*Activity*. Transcribe the following entries word for word. End with the line where "rewrite <- (sqrt_Rsqr" appears.

*Material provided*.
Lemma Cmod_le_Re_Im (z : C) : (Cmod z <= Rabs (Re z) + Rabs (Im z))%R.
Proof.
  destruct z as [a b]. unfold Cmod, Re, Im; simpl.
  pose proof (Rabs_pos a); pose proof (Rabs_pos b).
  rewrite <- (sqrt_Rsqr (Rabs a + Rabs b)) by lra.
  apply sqrt_le_1_alt. unfold Rsqr.
  assert (Ha : (a * a = Rabs a * Rabs a)%R) by (rewrite <- Rabs_mult, Rabs_right; nra).
  assert (Hb : (b * b = Rabs b * Rabs b)%R) by (rewrite <- Rabs_mult, Rabs_right; nra).
  nra.
Qed.

Lemma Ccv_Re_Im (u : nat -> C) (l : C) :
  Ccv u l <->
  is_lim_seq (fun n => Re (u n)) (Re l) /\ is_lim_seq (fun n => Im (u n)) (Im l).
Proof.
  split.
  - intros H. split; apply is_lim_seq_spec; intros eps;
      destruct (H eps (cond_pos eps)) as [N HN]; exists N; intros n Hn;
      specialize (HN n Hn); eapply Rle_lt_trans; try exact HN.
    + replace (Re (u n) - Re l)%R with (Re (u n - l)) by (simpl; unfold Re; ring).
      apply re_le_Cmod.
    + replace (Im (u n) - Im l)%R with (Im (u n - l)) by (simpl; unfold Im; ring).
      apply Cmod_Im_le.
  - intros [H1 H2] eps Heps. apply is_lim_seq_spec in H1, H2.
    destruct (H1 (mkposreal (eps / 2) ltac:(lra))) as [N1 HN1].
    destruct (H2 (mkposreal (eps / 2) ltac:(lra))) as [N2 HN2].
    exists (max N1 N2). intros n Hn.
    specialize (HN1 n ltac:(lia)). specialize (HN2 n ltac:(lia)). simpl in HN1, HN2.
    eapply Rle_lt_trans; [apply Cmod_le_Re_Im|].
    replace (Re (u n - l)) with (Re (u n) - Re l)%R by (simpl; unfold Re; ring).
    replace (Im (u n - l)) with (Im (u n) - Im l)%R by (simpl; unfold Im; ring).
    lra.
Qed.

Lemma Ccv_filterlim (u : nat -> C) (l : C) :
  Ccv u l <-> filterlim u eventually (locally l).
Proof.
  rewrite Ccv_Re_Im. split.
  - intros [H1 H2]. apply filterlim_locally. intros eps.
    apply is_lim_seq_spec in H1, H2.
    destruct (H1 eps) as [N1 HN1]. destruct (H2 eps) as [N2 HN2].
    exists (max N1 N2). intros n Hn.
    split; [apply (HN1 n ltac:(lia)) | apply (HN2 n ltac:(lia))].
  - intros H. split; apply is_lim_seq_spec; intros eps;
      destruct (proj1 (filterlim_locally u l) H eps) as [N HN];
      exists N; intros n Hn; apply (HN n Hn).
Qed.

Lemma Ccv_const (a : C) : Ccv (fun _ => a) a.
Proof.
  intros eps He. exists O. intros n _.
  replace (a - a) with (RtoC 0) by ring. rewrite Cmod_0. lra.
Qed.

Lemma Ccv_ext (u v : nat -> C) (l : C) : (forall n, u n = v n) -> Ccv v l -> Ccv u l.
Proof.
  intros E H eps He. destruct (H eps He) as [N HN].
  exists N. intros n Hn. rewrite E. auto.
Qed.

Lemma Ccv_mult (u v : nat -> C) (a b : C) :
  Ccv u a -> Ccv v b -> Ccv (fun n => u n * v n) (a * b).
Proof.
  rewrite !Ccv_Re_Im. intros [H1 H2] [H3 H4]. split; simpl.
  - apply is_lim_seq_minus'; apply is_lim_seq_mult'; auto.
  - apply is_lim_seq_plus'; apply is_lim_seq_mult'; auto.
Qed.

Lemma Ccv_inv (u : nat -> C) (a : C) : Ccv u a -> a <> 0 -> Ccv (fun n => / u n) (/ a).
Proof.
  intros H Ha eps He. set (m := Cmod a).
  assert (Hm : (0 < m)%R) by (apply Cmod_gt_0; auto).
  assert (Hpos : (0 < eps * m * m / 2)%R).
  { apply Rmult_lt_0_compat; [|lra]. apply Rmult_lt_0_compat; [apply Rmult_lt_0_compat|]; lra. }
  destruct (H (Rmin (m / 2) (eps * m * m / 2)) ltac:(apply Rmin_glb_lt; lra)) as [N HN].
  exists N. intros n Hn. specialize (HN n Hn).
  assert (H1 : (Cmod (u n - a) < m / 2)%R) by (eapply Rlt_le_trans; [exact HN|apply Rmin_l]).
  assert (H2 : (Cmod (u n - a) < eps * m * m / 2)%R)
    by (eapply Rlt_le_trans; [exact HN|apply Rmin_r]).
  assert (Hu : (m / 2 <= Cmod (u n))%R).
  { pose proof (Cmod_triangle (u n) (a - u n)) as T.
    replace (u n + (a - u n)) with a in T by ring.
    replace (a - u n) with (- (u n - a)) in T by ring. rewrite Cmod_opp in T. fold m in T. lra. }
  assert (Hun : u n <> 0) by (intros E; rewrite E, Cmod_0 in Hu; lra).
  replace (/ u n - / a) with (- (u n - a) * / (u n * a)) by (field; auto).
  rewrite Cmod_mult, Cmod_opp, Cmod_inv, Cmod_mult by (apply Cmult_neq_0; auto). fold m.
  assert (Hi : (/ (Cmod (u n) * m) <= / (m * m / 2))%R) by (apply Rinv_le_contravar; nra).
  pose proof (Cmod_ge_0 (u n - a)).
  eapply Rle_lt_trans; [apply Rmult_le_compat_l; [assumption|exact Hi]|].
  apply (Rmult_lt_reg_r (m * m / 2)); [nra|]. rewrite Rmult_assoc, Rinv_l by nra. lra.
Qed.

Lemma Ccv_unique (u : nat -> C) (a b : C) : Ccv u a -> Ccv u b -> a = b.
Proof.
  rewrite !Ccv_filterlim. intros H1 H2.
  exact (filterlim_locally_unique (K:=C_AbsRing) (V:=C_NormedModule) u a b H1 H2).
Qed.

Lemma Ccv_le (u : nat -> C) (l a : C) (c : R) :
  Ccv u l -> (exists N, forall n, (N <= n)%nat -> (Cmod (u n - a) <= c)%R) ->
  (Cmod (l - a) <= c)%R.
Proof.
  intros H [N HN]. destruct (Rle_lt_dec (Cmod (l - a)) c) as [?|Hlt]; auto. exfalso.
  destruct (H (Cmod (l - a) - c)%R ltac:(lra)) as [M HM].
  specialize (HM (max N M) ltac:(lia)). specialize (HN (max N M) ltac:(lia)).
  pose proof (Cmod_triangle (l - u (max N M)) (u (max N M) - a)) as T.
  replace (l - u (max N M) + (u (max N M) - a)) with (l - a) in T by ring.
  replace (l - u (max N M)) with (- (u (max N M) - l)) in T by ring.
  rewrite Cmod_opp in T. lra.
Qed.

Lemma CSeries_correct (a : nat -> C) (l : C) : is_series a l -> CSeries a = l.
Proof.
  intros H. apply Ccv_filterlim, Ccv_Re_Im in H. destruct H as [H1 H2].
  assert (Hre : forall n, Re (sum_n a n) = sum_n (fun k => Re (a k)) n).
  { induction n; [now rewrite !sum_O | rewrite !sum_Sn, <- IHn; reflexivity]. }
  assert (Him : forall n, Im (sum_n a n) = sum_n (fun k => Im (a k)) n).
  { induction n; [now rewrite !sum_O | rewrite !sum_Sn, <- IHn; reflexivity]. }
  unfold CSeries. destruct l as [l1 l2]. f_equal; apply is_series_unique.
  - exact (is_lim_seq_ext _ _ _ Hre H1).
  - exact (is_lim_seq_ext _ _ _ Him H2).
Qed.

Lemma is_series_Cgeom (z : C) : (Cmod z < 1)%R -> is_series (fun k => z ^ k) (/ (1 - z)).
Proof.
  intros Hz. assert (Hz1 : 1 - z <> 0).
  { intros E. assert (z = 1) by (replace z with (1 - (1 - z)) by ring; rewrite E; ring).
    subst. rewrite Cmod_1 in Hz. lra. }
  assert (Hs : forall n, sum_n (fun k => z ^ k) n = (1 - z ^ (S n)) / (1 - z)).
  { induction n.
    - rewrite sum_O. simpl. field. auto.
    - rewrite sum_Sn, IHn.
      change ((1 - z ^ S n) / (1 - z) + z ^ S n = (1 - z ^ S (S n)) / (1 - z)).
      simpl. field. auto. }
  apply Ccv_filterlim. intros eps He.
  assert (Hm : (0 < Cmod (1 - z))%R) by (apply Cmod_gt_0; auto).
  assert (Hg : is_lim_seq (fun n => Cmod z ^ n)%R 0%R).
  { apply is_lim_seq_geom. rewrite Rabs_right; [lra|apply Rle_ge, Cmod_ge_0]. }
  apply is_lim_seq_spec in Hg.
  destruct (Hg (mkposreal _ (Rmult_lt_0_compat _ _ He Hm))) as [N HN].
  exists N. intros n Hn. rewrite Hs.
  replace ((1 - z ^ S n) / (1 - z) - / (1 - z)) with (- (z ^ S n) * / (1 - z)) by (field; auto).
  rewrite Cmod_mult, Cmod_opp, Cmod_inv, Cmod_pow by auto.
  specialize (HN (S n) ltac:(lia)). simpl in HN. rewrite Rminus_0_r, Rabs_right in HN.
  2: { apply Rle_ge. apply Rmult_le_pos; [apply Cmod_ge_0|apply pow_le, Cmod_ge_0]. }
  apply (Rmult_lt_reg_r (Cmod (1 - z))); auto. rewrite Rmult_assoc, Rinv_l by lra. simpl. lra.
Qed.

Lemma cpow_add (x : R) (a b : C) : cpow x (a + b) = cpow x a * cpow x b.
Proof.
  destruct a as [a1 a2], b as [b1 b2]. unfold cpow, Cmult, Re, Im; simpl.
  rewrite !Rmult_plus_distr_r, exp_plus, cos_plus, sin_plus. f_equal; ring.
Qed.

Lemma cpow_mult_base (x y : R) (s : C) :
  (0 < x)%R -> (0 < y)%R -> cpow (x * y) s = cpow x s * cpow y s.
Proof.
  intros Hx Hy. destruct s as [a1 a2]. unfold cpow, Cmult, Re, Im; simpl.
  rewrite ln_mult by auto.
  rewrite !Rmult_plus_distr_l, exp_plus, cos_plus, sin_plus. f_equal; ring.
Qed.

Lemma cpow_1_base (s : C) : cpow 1 s = 1.
Proof.
  unfold cpow. rewrite ln_1, !Rmult_0_r, exp_0, cos_0, sin_0. unfold RtoC. f_equal; ring.
Qed.

Lemma cpow_0_exp (x : R) : cpow x 0 = 1.
Proof. unfold cpow. simpl. rewrite !Rmult_0_l, exp_0, cos_0, sin_0. unfold RtoC. f_equal; ring. Qed.

Lemma cpow_1_exp (x : R) : (0 < x)%R -> cpow x 1 = RtoC x.
Proof.
  intros Hx. unfold cpow. simpl.
  rewrite Rmult_0_l, cos_0, sin_0, Rmult_1_l, exp_ln by auto. unfold RtoC. f_equal; ring.
Qed.

Lemma cpow_pow_base (x : R) (s : C) (k : nat) : (0 < x)%R -> cpow (x ^ k) s = cpow x s ^ k.
Proof.
  intros Hx. induction k as [|k IH]; simpl.
  - apply cpow_1_base.
  - rewrite cpow_mult_base, IH; auto. apply pow_lt; auto.
Qed.

Lemma Cmod_cpow (x : R) (s : C) : Cmod (cpow x s) = exp (Re s * ln x).
Proof.
  unfold cpow, Cmod; cbn [fst snd].
  set (r := exp (Re s * ln x)). set (t := (Im s * ln x)%R).
  replace ((r * cos t) ^ 2 + (r * sin t) ^ 2)%R with (r ^ 2 * (sin t ^ 2 + cos t ^ 2))%R by ring.
  pose proof (sin2_cos2 t) as E. unfold Rsqr in E. simpl. rewrite !Rmult_1_r, E, Rmult_1_r.
  apply sqrt_square. left. apply exp_pos.
Qed.

(* Every power x^(m - k s) with natural m, k is the monomial x^m (x^-s)^k;
   all the Euler factors of the theorem are polynomials in x and x^-s. *)
Lemma cpow_affine (x : R) (m k : nat) (s e : C) : (0 < x)%R ->
  e = RtoC (INR m) - RtoC (INR k) * s -> cpow x e = RtoC x ^ m * cpow x (- s) ^ k.
Proof.
  intros Hx ->. revert m. induction k as [|k IHk]; intros m.
  - induction m as [|m IHm].
    + replace (RtoC (INR 0) - RtoC (INR 0) * s) with (RtoC 0) by (simpl; ring).
      simpl. rewrite cpow_0_exp. ring.
    + rewrite S_INR, RtoC_plus.
      replace (RtoC (INR m) + RtoC 1 - RtoC (INR 0) * s) with
        (RtoC (INR m) - RtoC (INR 0) * s + 1) by ring.
      rewrite cpow_add, IHm, cpow_1_exp by auto. simpl. ring.
  - rewrite S_INR, RtoC_plus.
    replace (RtoC (INR m) - (RtoC (INR k) + RtoC 1) * s) with
      (RtoC (INR m) - RtoC (INR k) * s + - s) by ring.
    rewrite cpow_add, IHk. simpl. ring.
Qed.

Ltac cpow_monomial x m k s e :=
  rewrite (cpow_affine x m k s e) by
    (first [ lra | rewrite ?INR_IZR_INZ; simpl; ring ]).

Definition primeZ (p : nat) : Prop := prime (Z.of_nat p).

Lemma primeZ_ge2 (p : nat) : primeZ p -> (2 <= p)%nat.
Proof. intros H. apply prime_ge_2 in H. lia. Qed.

Lemma INR_prime_ge2 (p : nat) : primeZ p -> (2 <= INR p)%R.
Proof. intros Hp. apply (le_INR 2), primeZ_ge2, Hp. Qed.

Lemma divide_Z (a b : nat) : Nat.divide a b <-> (Z.of_nat a | Z.of_nat b)%Z.
Proof.
  split.
  - intros [k Hk]. exists (Z.of_nat k). subst. apply Nat2Z.inj_mul.
  - intros [z Hz]. destruct (Nat.eq_dec a 0) as [Ha|Ha].
    + subst. rewrite Z.mul_0_r in Hz. exists 0%nat. lia.
    + assert (Hz0 : (0 <= z)%Z) by nia.
      exists (Z.to_nat z). apply Nat2Z.inj. rewrite Nat2Z.inj_mul, Z2Nat.id; auto.
Qed.

Lemma primeZ_mult (p a b : nat) :
  primeZ p -> Nat.divide p (a * b) -> Nat.divide p a \/ Nat.divide p b.
Proof.
  intros Hp H. apply divide_Z in H. rewrite Nat2Z.inj_mul in H.
  destruct (prime_mult _ Hp _ _ H); [left|right]; apply divide_Z; auto.
Qed.

Lemma primeZ_divide_pow (p q k : nat) :
  primeZ p -> primeZ q -> Nat.divide p (q ^ k) -> p = q.
Proof.
  intros Hp Hq H. apply divide_Z in H. rewrite Nat2Z.inj_pow in H.
  apply Zpow_facts.prime_power_prime in H; auto; lia.
Qed.

Lemma prime_divisor_exists (n : nat) : (2 <= n)%nat -> exists p, primeZ p /\ Nat.divide p n.
Proof.
  induction n as [n IH] using lt_wf_ind. intros Hn.
  destruct (prime_dec (Z.of_nat n)) as [Hp|Hnp].
  - exists n. split; auto. apply Nat.divide_refl.
  - destruct (not_prime_divide (Z.of_nat n) ltac:(lia) Hnp) as [d [Hd1 Hd2]].
    destruct (IH (Z.to_nat d) ltac:(lia) ltac:(lia)) as [p [Hp Hpd]].
    exists p. split; auto. eapply Nat.divide_trans; [exact Hpd|].
    apply divide_Z. rewrite Z2Nat.id by lia. exact Hd2.
Qed.

Lemma pow_decomp (q n : nat) : primeZ q -> (1 <= n)%nat ->
  exists v m, n = (q ^ v * m)%nat /\ ~ Nat.divide q m /\ (1 <= m)%nat.
Proof.
  intros Hq. pose proof (primeZ_ge2 _ Hq).
  induction n as [n IH] using lt_wf_ind. intros Hn.
  destruct (classic (Nat.divide q n)) as [[k Hk]|Hnd].
  - destruct (IH k ltac:(nia) ltac:(nia)) as [v [m [E [Hm1 Hm2]]]].
    exists (S v), m. split; auto. rewrite Hk, E. simpl. ring.
  - exists 0%nat, n. simpl. split; [lia|auto].
Qed.

Lemma pow_divide_iff (p m k j : nat) : primeZ p -> ~ Nat.divide p m ->
  Nat.divide (p ^ k) (p ^ j * m) <-> (k <= j)%nat.
Proof.
  intros Hp Hm. pose proof (primeZ_ge2 p Hp). split.
  - intros [c Hc]. destruct (Nat.le_gt_cases k j) as [Hle|Hgt]; auto. exfalso.
    replace k with (j + S (k - j - 1))%nat in Hc by lia.
    rewrite Nat.pow_add_r in Hc.
    assert (Hc' : (p ^ j * m = p ^ j * (c * p ^ S (k - j - 1)))%nat) by (rewrite Hc; ring).
    apply Nat.mul_cancel_l in Hc'; [|apply Nat.pow_nonzero; lia].
    apply Hm. exists (c * p ^ (k - j - 1))%nat. rewrite Hc'. simpl. ring.
  - intros Hle. exists (p ^ (j - k) * m)%nat. replace j with (k + (j - k))%nat at 1 by lia.
    rewrite Nat.pow_add_r. ring.
Qed.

*Task result*.
Lemma Cmod_le_Re_Im (z : C) : (Cmod z <= Rabs (Re z) + Rabs (Im z))%R.
Proof.
  destruct z as [a b]. unfold Cmod, Re, Im; simpl.
  pose proof (Rabs_pos a); pose proof (Rabs_pos b).
  rewrite <- (sqrt_Rsqr (Rabs a + Rabs b)) by lra.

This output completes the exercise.